Quando lo stato della batteria inizia a deteriorarsi, il valore mostrato nella sezione "Stato batteria" del telefono — ovvero la "capacità massima (%)" — può non corrispondere all’esperienza reale d’uso. Ad esempio, una batteria segnata al 65% può aumentare del 10% dopo soli 30 minuti di utilizzo, mentre un’altra segnata al 75% può perdere il 10% in due ore.
- Metodo di monitoraggio effettivo: Impostazioni → Batteria → Verifica stato salute. Se la "capacità massima" è inferiore all’80%, significa che il degrado della capacità sta accelerando.
- Caratteristiche: dopo due anni di utilizzo, se la capacità è inferiore al 70%, si dovrebbe considerare la sostituzione. In particolare, se dopo un’ora di ricarica il livello è inferiore al 50%, potrebbe indicare un’anomalia interna, come un’eventuale batteria ausiliaria difettosa o problemi nel flusso di corrente.

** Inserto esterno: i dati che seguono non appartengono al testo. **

(* Let $E$ be a finite set and $V \subset \mathbb R^E$ a linear subspace defining an oriented matroid $M$. If $F \subset E$ is an acyclic flat of $M$, then \[ Y_V \cap (\mathbb R_{\geq 0}^F \times \infty^{E \setminus F}) = \mathcal Y_V \cap (\mathbb R_{\geq 0}^F \times \infty^{E \setminus F}). \]
   Context: $\mathbb P^1_{\mathbb R} = \mathbb R \cup\{\infty\}$. $Y_V$ is the Zariski closure of $V$ in $(\mathbb P^1_{\mathbb R})^E$, and $\mathcal Y_V$ is the closure of $V \cap \mathbb R_{\geq 0}^E$ in $(\mathbb P^1_{\mathbb R})^E$ in the analytic topology. $\mathbb R_{\geq 0}^F \times \infty^{E\setminus F}$ is the set of points with nonnegative real coordinates on $F$ and $\infty$ on $E\setminus F$. Flats of $M$ are the zero sets $\{i : v_i = 0\}$ of $v \in V$; a flat $F$ is acyclic if some $v\in V$ has $v_i=0$ for $i\in F$ and $v_i>0$ for $i\notin F$. *)

From HB Require Import structures.
From mathcomp Require Import all_boot all_order all_algebra all_field.
From mathcomp Require Import mpoly.
From mathcomp Require Import reals.

Set Implicit Arguments.
Unset Strict Implicit.
Unset Printing Implicit Defensive.

Import Order.TTheory GRing.Theory Num.Theory.
Local Open Scope ring_scope.

(* The ground set is E = 'I_n, and R^E = 'rV[R]_n. *)

(* The real projective line P^1_R = R ∪ {∞}: [Some a] is the point a, [None] is ∞. *)
Definition P1 (R : Type) := option R.

Definition P1pt (R : Type) (n : nat) := 'I_n -> P1 R.

Definition embedP1 (R : realType) (n : nat) (v : 'rV[R]_n) : P1pt R n :=
  fun i => Some (v ord0 i).

(* Standard homogeneous coordinates of a point of (P^1)^E, as a point of
   R^(E ⊔ E): coordinate [lshift n i] is x_i, coordinate [rshift n i] is y_i,
   with a ↦ [a : 1] and ∞ ↦ [1 : 0]. *)
Definition hom_coords (R : realType) (n : nat) (p : P1pt R n) : 'I_(n + n) -> R :=
  fun k => match split k with
           | inl i => match p i with Some a => a | None => 1 end
           | inr i => match p i with Some _ => 1 | None => 0 end
           end.

Definition multihomog (R : realType) (n : nat) (d : 'I_n -> nat)
    (f : {mpoly R[n + n]}) : Prop :=
  forall m : 'X_{1.. n + n}, m \in msupp f ->
    forall i : 'I_n, (m (lshift n i) + m (rshift n i))%N = d i.

(* Y_V : the Zariski closure of V in (P^1_R)^E, i.e. the intersection of all
   Zariski closed subsets (common zero loci of multihomogeneous polynomials)
   containing V; equivalently the common zero locus of all multihomogeneous
   polynomials vanishing on V.  (Vanishing of a multihomogeneous polynomial
   does not depend on the chosen homogeneous coordinates.) *)
Definition Y_V (R : realType) (n : nat) (V : {vspace 'rV[R]_n}) : P1pt R n -> Prop :=
  fun p => forall (d : 'I_n -> nat) (f : {mpoly R[n + n]}),
    multihomog d f ->
    (forall v, v \in V -> f.@[hom_coords (embedP1 v)] = 0) ->
    f.@[hom_coords p] = 0.

(* Basic neighbourhoods in the analytic topology of P^1_R:
   for a finite point a, the open intervals (a - eps, a + eps);
   for ∞, the sets {x : |x| > 1/eps} ∪ {∞}.  We only need to test real points b. *)
Definition P1near (R : realType) (eps : R) (q : P1 R) (b : R) : Prop :=
  match q with
  | Some a => `|b - a| < eps
  | None => eps^-1 < `|b|
  end.

(* calY_V : the closure of V ∩ R_{>=0}^E in (P^1_R)^E for the analytic
   (product) topology; the sets {q | forall i, q_i in the eps-neighbourhood of p_i}
   (eps > 0) form a neighbourhood basis of p. *)
Definition calY_V (R : realType) (n : nat) (V : {vspace 'rV[R]_n}) : P1pt R n -> Prop :=
  fun p => forall eps : R, 0 < eps ->
    exists2 v : 'rV[R]_n, v \in V /\ (forall i, 0 <= v ord0 i) &
      forall i, P1near eps (p i) (v ord0 i).

Definition orthant_inf (R : realType) (n : nat) (F : {set 'I_n}) : P1pt R n -> Prop :=
  fun p => forall i, if i \in F then exists2 a, p i = Some a & 0 <= a
                     else p i = None.

Definition is_flat (R : realType) (n : nat) (V : {vspace 'rV[R]_n}) (F : {set 'I_n}) : Prop :=
  exists2 v, v \in V & F = [set i | v ord0 i == 0].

Inoltre, non disattivare la funzione "Ottimizzazione batteria" nelle impostazioni. Alcuni utenti la disattivano per ricaricare fino al 100%, ma questo rappresenta un’azione diretta che accorcia la vita utile della batteria. È invece consigliabile disattivarla solo quando la capacità massima è superiore all’80%, e ricaricare al 100% solo in situazioni specifiche, come prima di un viaggio.
Consigli pratici: come mantenere la durata della batteria sopra il 70% anche dopo due anni
Il segreto per aumentare la durata della batteria risiede nelle "abitudini di ricarica" e nel "controllo dell'ambiente". È fondamentale seguire questi tre punti di controllo.
- Mantenimento del livello di carica: È ottimale mantenere il livello tra il 20% e l'80%. In particolare, abituarsi a mantenere il livello al di sopra del 50% durante l’uso del caricabatterie riduce il carico interno della batteria.
- Evitare temperature elevate: Non esporre il telefono alla luce diretta del sole durante la ricarica. Ricaricare in condizioni di calore elevato è una delle principali cause del deterioramento della durata della batteria.
- Controllo periodico: Ogni sei mesi, controlla lo stato della batteria nelle impostazioni. Se la capacità massima è inferiore al 80%, è consigliabile farla ispezionare da un centro specializzato.
In conclusione, con una corretta gestione dell’uso, la batteria del telefono può mantenere oltre il 70% della sua capacità anche dopo due anni. Al contrario, cattive abitudini di ricarica o l’ignoranza delle condizioni ambientali possono far scendere la capacità sotto il 60% già dopo due anni. L’importante non è ricaricare completamente, ma sviluppare un’abitudine continua di comprendere e regolare lo stato interno della batteria. Sostituire la batteria costa denaro, ma un’abitudine semplice che allunga di un anno la vita del telefono ha un valore molto superiore.